Assigned task: Would you please set down the lines of the data from the one containing "if s is i :: s'" to the final line, exactly and only those?

───── Data extracts

(* Let $V,W$ be Euclidean spaces, $v_1,v_2,v_3\in V$, $w_1,w_2,w_3\in W$, and put $\alpha=v_1\otimes w_1$, $\beta=v_2\otimes w_2$, $\gamma=v_3\otimes w_3$ in $V\otimes W$. Then \begin{align*} |\alpha\wedge\beta\wedge\gamma|^2 &= |v_1|^2|v_2|^2|v_3|^2|w_1\wedge w_2\wedge w_3|^2+|v_1\wedge v_2\wedge v_3|^2|w_1|^2|w_2|^2|w_3|^2\\ &\quad-\tfrac12\sum_{i=1}^3|v_i|^2|v_{i'}\wedge v_{i''}|^2|w_i|^2|w_{i'}\wedge w_{i''}|^2 +\tfrac12\sum_{i\ne j}|v_i|^2|v_{i'}\wedge v_{i''}|^2|w_j|^2|w_{j'}\wedge w_{j''}|^2\\ &\quad-\tfrac12\sum_{i=1}^3|v_i|^2|v_{i'}\wedge v_{i''}|^2|w_1\wedge w_2\wedge w_3|^2 -\tfrac12\sum_{i=1}^3|v_1\wedge v_2\wedge v_3|^2|w_i|^2|w_{i'}\wedge w_{i''}|^2\\ &\quad+\tfrac12|v_1\wedge v_2\wedge v_3|^2|w_1\wedge w_2\wedge w_3|^2, \end{align*} where for each index $i\in\{1,2,3\}$, $\{i',i''\}$ denotes the two indices complementary to $i$ (and likewise for $j$), and the sum $\sum_{i\neq j}$ runs over ordered pairs $(i,j)$ with $i,j\in\{1,2,3\}$, $i\ne j$.
   Context: $V\otimes W$ carries the inner product $(v\otimes w,v'\otimes w')=(v,v')(w,w')$. For vectors $x_1,\dots,x_k$ in a Euclidean space, $|x_1\wedge\cdots\wedge x_k|^2=\det\big((x_i,x_j)\big)_{i,j}$ (the squared $k$-dimensional volume of the parallelepiped they span), i.e. the norm in $\bigwedge^k$ with the inner product $(x_1\wedge\cdots\wedge x_k,y_1\wedge\cdots\wedge y_k)=\sum_{\sigma\in S_k}\mathrm{sgn}(\sigma)\prod_i (x_i,y_{\sigma(i)})$. *)

From HB Require Import structures.
From mathcomp Require Import all_boot all_order all_algebra.
From mathcomp Require Import reals.
Set Implicit Arguments. Unset Strict Implicit. Unset Printing Implicit Defensive.
Import Order.TTheory GRing.Theory Num.Theory.
Local Open Scope ring_scope.

Definition dotv (R : realType) (n : nat) (u v : 'rV[R]_n) : R :=
  \sum_(i < n) u 0 i * v 0 i.

(* V (x) W for V = R^n, W = R^m is realized as 'M_(n, m); v (x) w is the outer
   product, and the inner product is (A, B) = sum_{i,j} A i j * B i j, which
   satisfies (v (x) w, v' (x) w') = (v, v') (w, w'). *)
Definition tens (R : realType) (n m : nat) (v : 'rV[R]_n) (w : 'rV[R]_m)
  : 'M[R]_(n, m) := v^T *m w.

Definition dotm (R : realType) (n m : nat) (A B : 'M[R]_(n, m)) : R :=
  \sum_(i < n) \sum_(j < m) A i j * B i j.

(* |x_1 /\ ... /\ x_k|^2 = det of the Gram matrix ((x_i, x_j))_{i,j}. *)
Definition wedge_sq (R : realType) (T : Type) (ip : T -> T -> R) (k : nat)
  (x : 'I_k -> T) : R :=
  \det (\matrix_(i < k, j < k) ip (x i) (x j)).

Definition fam2 (T : Type) (a b : T) : 'I_2 -> T :=
  fun i => if val i == 0%N then a else b.
Definition fam3 (T : Type) (a b c : T) : 'I_3 -> T :=
  fun i => if val i == 0%N then a else if val i == 1%N then b else c.

(* the two indices complementary to i in {0,1,2}: i' = i+1, i'' = i+2 (mod 3) *)
Definition cp1 (i : 'I_3) : 'I_3 := inord ((val i + 1) %% 3).
Definition cp2 (i : 'I_3) : 'I_3 := inord ((val i + 2) %% 3).

From HB Require Import structures.
From mathcomp Require Import all_boot all_order all_algebra.
From mathcomp Require Import reals ring.
Set Implicit Arguments.
Unset Strict Implicit.
Unset Printing Implicit Defensive.
Import Order.TTheory GRing.Theory Num.Theory.
Local Open Scope ring_scope.

(* The Gram matrix of the v_i (x) w_i is the entrywise product of the Gram
   matrices of the v_i and of the w_i, because (v (x) w, v' (x) w') =
   (v, v') (w, w').  Writing all Gram determinants (3x3 and 2x2) explicitly
   in the six inner products of each family, the claim becomes a polynomial
   identity in these twelve inner products. *)

Lemma det_mx22 (R : comNzRingType) (A : 'M[R]_2) :
  \det A = A 0 0 * A 1 1 - A 0 1 * A 1 0.
Proof.
pose f i j := A (inord i) (inord j).
have -> : A = \matrix_(i, j) f (val i) (val j).
  by apply/matrixP => i j; rewrite mxE /f !inord_val.
rewrite (expand_det_row _ ord0) !big_ord_recr big_ord0 /cofactor /=.
by rewrite !det_mx11 !mxE /= expr0 expr1; ring.
Qed.

Lemma det_mx33 (R : comNzRingType) (A : 'M[R]_3) :
  \det A = A 0 0 * (A 1 1 * A 2 2 - A 1 2 * A 2 1)
         - A 0 1 * (A 1 0 * A 2 2 - A 1 2 * A 2 0)
         + A 0 2 * (A 1 0 * A 2 1 - A 1 1 * A 2 0).
Proof.
pose f i j := A (inord i) (inord j).
have -> : A = \matrix_(i, j) f (val i) (val j).
  by apply/matrixP => i j; rewrite mxE /f !inord_val.
rewrite (expand_det_row _ ord0) !big_ord_recr big_ord0 /cofactor /=.
by rewrite !det_mx22 !mxE /= expr0 expr1 expr2; ring.
Qed.

Section GramDeterminants.

Variables (R : realType) (T : Type) (ip : T -> T -> R).
Hypothesis ipC : forall x y, ip x y = ip y x.

Lemma wedge_sq_fam2 (a b : T) :
  wedge_sq ip (fam2 a b) = ip a a * ip b b - ip a b ^+ 2.
Proof. by rewrite /wedge_sq det_mx22 !mxE /fam2 /= [ip b a]ipC; ring. Qed.

Lemma wedge_sq_fam3 (a b c : T) :
  wedge_sq ip (fam3 a b c) =
    ip a a * ip b b * ip c c + 2 * ip a b * ip b c * ip c a
    - ip a a * ip b c ^+ 2 - ip b b * ip c a ^+ 2 - ip c c * ip a b ^+ 2.
Proof.
by rewrite /wedge_sq det_mx33 !mxE /fam3 /= [ip b a]ipC [ip c b]ipC [ip a c]ipC; ring.
Qed.

End GramDeterminants.

Lemma dotvC (R : realType) (n : nat) (u v : 'rV[R]_n) : dotv u v = dotv v u.
Proof. by apply: eq_bigr => i _; rewrite mulrC. Qed.

Lemma dotmC (R : realType) (n m : nat) (A B : 'M[R]_(n, m)) : dotm A B = dotm B A.
Proof. by apply: eq_bigr => i _; apply: eq_bigr => j _; rewrite mulrC. Qed.

Lemma dotm_tens (R : realType) (n m : nat) (v v' : 'rV[R]_n) (w w' : 'rV[R]_m) :
  dotm (tens v w) (tens v' w') = dotv v v' * dotv w w'.
Proof.
rewrite /dotm /dotv big_distrl /=; apply: eq_bigr => i _.
rewrite big_distrr /=; apply: eq_bigr => j _.
by rewrite !mxE !big_ord1 !mxE; ring.
Qed.

Lemma sumr_offdiag (V : zmodType) (I : finType) (F : I -> I -> V) :
  \sum_i \sum_(j | i != j) F i j = \sum_i \sum_j F i j - \sum_i F i i.
Proof.
have split_diag i : \sum_j F i j = F i i + \sum_(j | i != j) F i j.
  by rewrite (bigD1 i) //=; congr (_ + _); apply: eq_bigl => j; rewrite eq_sym.
by rewrite (eq_bigr _ (fun i _ => split_diag i)) big_split /= addrC addrK.
Qed.

Theorem lemma2 (R : realType) (n m : nat) (v1 v2 v3 : 'rV[R]_n)
  (w1 w2 w3 : 'rV[R]_m) :
  let v := fam3 v1 v2 v3 in
  let w := fam3 w1 w2 w3 in
  let nv i := dotv (v i) (v i) in
  let nw i := dotv (w i) (w i) in
  let v2i i := wedge_sq (@dotv R n) (fam2 (v (cp1 i)) (v (cp2 i))) in
  let w2i i := wedge_sq (@dotv R m) (fam2 (w (cp1 i)) (w (cp2 i))) in
  let V3 := wedge_sq (@dotv R n) v in
  let W3 := wedge_sq (@dotv R m) w in
  let alpha := tens v1 w1 in
  let beta := tens v2 w2 in
  let gamma := tens v3 w3 in
  wedge_sq (@dotm R n m) (fam3 alpha beta gamma) =
    nv 0 * nv 1 * nv 2 * W3 + V3 * nw 0 * nw 1 * nw 2
    - 2^-1 * \sum_(i < 3) nv i * v2i i * nw i * w2i i
    + 2^-1 * \sum_(i < 3) \sum_(j < 3 | i != j) nv i * v2i i * nw j * w2i j
    - 2^-1 * \sum_(i < 3) nv i * v2i i * W3
    - 2^-1 * \sum_(i < 3) V3 * nw i * w2i i
    + 2^-1 * V3 * W3.
Proof.
move=> v w nv nw v2i w2i V3 W3 alpha beta gamma.
rewrite sumr_offdiag !big_ord_recr !big_ord0.
rewrite /v2i /w2i /V3 /W3 /nv /nw /v /w /alpha /beta /gamma.
rewrite !(wedge_sq_fam2 (@dotvC R _)) !(wedge_sq_fam3 (@dotvC R _)).
rewrite (wedge_sq_fam3 (@dotmC R n m)) !dotm_tens /fam3 /cp1 /cp2 /= !inordK //=.
by field.
Qed.
Definition sym2_min_eig : R := (p + s) / 2 - Num.sqrt ((p - s) ^+ 2 + 4 * r ^+ 2) / 2.

Local Notation mu := sym2_min_eig.
Local Notation delta := (Num.sqrt ((p - s) ^+ 2 + 4 * r ^+ 2) / 2).

Lemma sym2_delta_ge0 : 0 <= delta.
Proof. by rewrite divr_ge0 ?sqrtr_ge0. Qed.

Lemma sym2_delta_sqr : delta ^+ 2 = ((p - s) / 2) ^+ 2 + r ^+ 2.
Proof.
rewrite expr_div_n sqr_sqrtr; first by field.
by rewrite addr_ge0 ?sqr_ge0 // mulr_ge0 ?sqr_ge0.
Qed.

Lemma eigenvalue_sym2_char a : eigenvalue (mx2 p r r s) a -> (p - a) * (s - a) = r ^+ 2.
Proof.
move=> /eigenvalueP [v va v0].
have := congr1 (fun M : 'rV_2 => M 0 0) va; have := congr1 (fun M : 'rV_2 => M 0 1) va.
rewrite /= !row_mulmx2 !mxE => e1 e0.
have v_nz : v 0 0 != 0 \/ v 0 1 != 0.
  case: (eqVneq (v 0 0) 0) => h0; last by left.
  case: (eqVneq (v 0 1) 0) => h1; last by right.
  by move/eqP: v0; case; apply/matrixP => i j; rewrite ord1 mxE;
     case: j => [[|[|//]] ?]; [rewrite -h0 | rewrite -h1]; congr (v 0 _); apply/val_inj.
set D := (p - a) * (s - a) - r ^+ 2.
have D0 : D * v 0 0 = (s - a) * (v 0 0 * p + v 0 1 * r - a * v 0 0)
                     - r * (v 0 0 * r + v 0 1 * s - a * v 0 1) by rewrite /D; ring.
have D1 : D * v 0 1 = (p - a) * (v 0 0 * r + v 0 1 * s - a * v 0 1)
                     - r * (v 0 0 * p + v 0 1 * r - a * v 0 0) by rewrite /D; ring.
rewrite e0 e1 !subrr !mulr0 subrr in D0 D1.
apply/eqP; rewrite -subr_eq0 -/D.
by case: v_nz => nz; [move/eqP: D0 | move/eqP: D1]; rewrite mulf_eq0 (negbTE nz) orbF.
Qed.

Lemma sym2_min_eig_le a : eigenvalue (mx2 p r r s) a -> mu <= a.
Proof.
move=> /eigenvalue_sym2_char char_a.
have : (a - (p + s) / 2) ^+ 2 = delta ^+ 2.
  by rewrite sym2_delta_sqr -char_a; field.
have := sym2_delta_ge0; rewrite /mu; nra.
Qed.

Lemma sym2_min_eig_char : (p - mu) * (s - mu) = r ^+ 2.
Proof.
have -> : (p - mu) * (s - mu) = delta ^+ 2 - ((p - s) / 2) ^+ 2 by rewrite /mu; field.
by rewrite sym2_delta_sqr addrC addKr.
Qed.
(* Let $r\ge2$ and $p\ge2$ be integers, let $\mathcal{A}$ be the adjacency tensor of an $r$-uniform (possibly weighted) hypergraph on $n$ vertices, and let $f(\mathbf{x})=(r-1)!\,\mathcal{A}\mathbf{x}^r/\|\mathbf{x}\|_p^r$ for $\mathbf{x}\neq0$. Let $\mathbf{x}_k\in\mathbb{R}^n$ with $\|\mathbf{x}_k\|_2=1$, $\mathbf{p}_k\in\mathbb{R}^n$, and for $\alpha>0$ let $$\mathbf{x}_{k+1}(\alpha)=\frac{[(2-\alpha\mathbf{x}_k^\top\mathbf{p}_k)^2-\|\alpha\mathbf{p}_k\|^2]\mathbf{x}_k+4\alpha\mathbf{p}_k}{4+\|\alpha\mathbf{p}_k\|^2-(\alpha\mathbf{x}_k^\top\mathbf{p}_k)^2}.$$ Writing $f'(\alpha)$ for the derivative of $\alpha\mapsto f(\mathbf{x}_{k+1}(\alpha))$, we have $$\alpha f'(\alpha)=-\nabla f(\mathbf{x}_{k+1}(\alpha))^\top\mathbf{x}_k.$$
   Context: For a weighted $r$-uniform hypergraph $G=(V,E)$ with $V=\{1,\dots,n\}$ and edge weights $s(e)>0$, the adjacency tensor $\mathcal{A}=(a_{i_1\cdots i_r})$ is the symmetric order-$r$, dimension-$n$ tensor with $a_{i_1\cdots i_r}=s(e)/(r-1)!$ if $\{i_1,\dots,i_r\}=e\in E$ and $0$ otherwise. $\mathcal{A}\mathbf{x}^r=\sum_{i_1,\dots,i_r}a_{i_1\cdots i_r}x_{i_1}\cdots x_{i_r}$ and $(\mathcal{A}\mathbf{x}^{r-1})_i=\sum_{i_2,\dots,i_r}a_{ii_2\cdots i_r}x_{i_2}\cdots x_{i_r}$. $\|\mathbf{x}\|_p=(\sum_i|x_i|^p)^{1/p}$ and $\|\cdot\|$ is the Euclidean norm. The gradient is $\nabla f(\mathbf{x})=\frac{r!}{\|\mathbf{x}\|_p^r}\big(\mathcal{A}\mathbf{x}^{r-1}-\mathcal{A}\mathbf{x}^r\|\mathbf{x}\|_p^{-p}\mathbf{x}^{\langle p-1\rangle}\big)$, where $(\mathbf{x}^{\langle p-1\rangle})_i=|x_i|^{p-1}\mathrm{sgn}(x_i)$. The vector $\mathbf{x}_{k+1}(\alpha)$ is a unit vector. *)

From HB Require Import structures.
From mathcomp Require Import all_boot all_order all_algebra.
From mathcomp Require Import all_classical all_reals all_analysis.
Set Implicit Arguments. Unset Strict Implicit. Unset Printing Implicit Defensive.
Import Order.TTheory GRing.Theory Num.Theory.
Local Open Scope ring_scope.

Section Defs.
Variables (R : realType) (n : nat).
Notation vec := ('I_n -> R).

Definition vdot (x y : vec) : R := \sum_(i < n) x i * y i.
Definition norm2 (x : vec) : R := Num.sqrt (vdot x x).
Definition vscale (a : R) (x : vec) : vec := fun i => a * x i.
Definition vadd (x y : vec) : vec := fun i => x i + y i.

Definition normp (p : nat) (x : vec) : R :=
  powR (\sum_(i < n) `|x i| ^+ p) (p%:R)^-1.

Definition powsgn (p : nat) (x : vec) : vec :=
  fun i => `|x i| ^+ (p - 1) * Num.sg (x i).

Definition is_weighted_uniform_hypergraph (r : nat)
    (E : {set {set 'I_n}}) (s : {set 'I_n} -> R) : Prop :=
  forall e, e \in E -> #|e| = r /\ 0 < s e.

Definition adj_entry (r : nat) (E : {set {set 'I_n}}) (s : {set 'I_n} -> R)
    (idx : seq 'I_n) : R :=
  if (size idx == r) && ([set i in idx] \in E)
  then s [set i in idx] / (r.-1)`!%:R else 0.

Definition tens_form (r : nat) E s (x : vec) : R :=
  \sum_(t : r.-tuple 'I_n) adj_entry r E s (tval t) * \prod_(j <- tval t) x j.

Definition tens_vec (r : nat) E s (x : vec) : vec := fun i =>
  \sum_(t : r.-1.-tuple 'I_n) adj_entry r E s (i :: tval t) * \prod_(j <- tval t) x j.

Definition fobj (r p : nat) E s (x : vec) : R :=
  (r.-1)`!%:R * tens_form r E s x / (normp p x) ^+ r.

Definition gradf (r p : nat) E s (x : vec) : vec := fun i =>
  r`!%:R / (normp p x) ^+ r *
  (tens_vec r E s x i - tens_form r E s x * (normp p x) ^- p * powsgn p x i).

Definition xnext (xk pk : vec) (a : R) : vec := fun i =>
  (((2 - a * vdot xk pk) ^+ 2 - (norm2 (vscale a pk)) ^+ 2) * xk i + 4 * a * pk i)
  / (4 + (norm2 (vscale a pk)) ^+ 2 - (a * vdot xk pk) ^+ 2).

End Defs.

From HB Require Import structures.
From mathcomp Require Import all_boot all_order all_algebra.
From mathcomp Require Import all_classical all_reals all_analysis.
From mathcomp Require Import ring lra.
Set Implicit Arguments. Unset Strict Implicit. Unset Printing Implicit Defensive.
Import Order.TTheory GRing.Theory Num.Theory.
Local Open Scope ring_scope.

(* The curve [x(a) := xnext xk pk a] stays on the unit sphere, and a direct
   computation shows that [xk] is a combination [c x(a) - a x'(a)].  Since [f]
   is homogeneous of degree 0, Euler's identity gives [grad f(x) . x = 0], so
   by the chain rule [a f'(a) = a grad f(x(a)) . x'(a) = - grad f(x(a)) . xk].
   The chain rule is computed by hand: along a curve [y], the derivative of
   [A y^r] is [r (A y^(r-1)) . y'] because the adjacency tensor is symmetric,
   and that of [||y||_p^p] is [p y^<p-1> . y'], [|t|^p] being differentiable
   for [p >= 2]. *)

Section ProductRule.
Variables (R : comRingType) (I : Type).

Fixpoint prod_deriv (Y Y' : I -> R) (s : seq I) : R :=
  if s is i :: s' then Y' i * \prod_(j <- s') Y j + Y i * prod_deriv Y Y' s'
  else 0.

End ProductRule.

Section SymmetricTupleSums.
Variables (R : comRingType) (n : nat).

Lemma sum_tuple_cons m (F : seq 'I_n -> R) :
  \sum_(t : m.+1.-tuple 'I_n) F t = \sum_(i < n) \sum_(u : m.-tuple 'I_n) F (i :: u).
Proof.
rewrite pair_big /=.
rewrite (reindex (fun iu : 'I_n * m.-tuple 'I_n => [tuple of iu.1 :: iu.2])) //=.
exists (fun t : m.+1.-tuple 'I_n => (thead t, [tuple of behead t])).
  by move=> [i u] _; rewrite /= theadE; congr pair; apply: val_inj.
by move=> t _; rewrite /= -tuple_eta.
Qed.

──────────

Response to this exercise:
  if s is i :: s' then Y' i * \prod_(j <- s') Y j + Y i * prod_deriv Y Y' s'
  else 0.

End ProductRule.

Section SymmetricTupleSums.
Variables (R : comRingType) (n : nat).

Lemma sum_tuple_cons m (F : seq 'I_n -> R) :
  \sum_(t : m.+1.-tuple 'I_n) F t = \sum_(i < n) \sum_(u : m.-tuple 'I_n) F (i :: u).
Proof.
rewrite pair_big /=.
rewrite (reindex (fun iu : 'I_n * m.-tuple 'I_n => [tuple of iu.1 :: iu.2])) //=.
exists (fun t : m.+1.-tuple 'I_n => (thead t, [tuple of behead t])).
  by move=> [i u] _; rewrite /= theadE; congr pair; apply: val_inj.
by move=> t _; rewrite /= -tuple_eta.
Qed.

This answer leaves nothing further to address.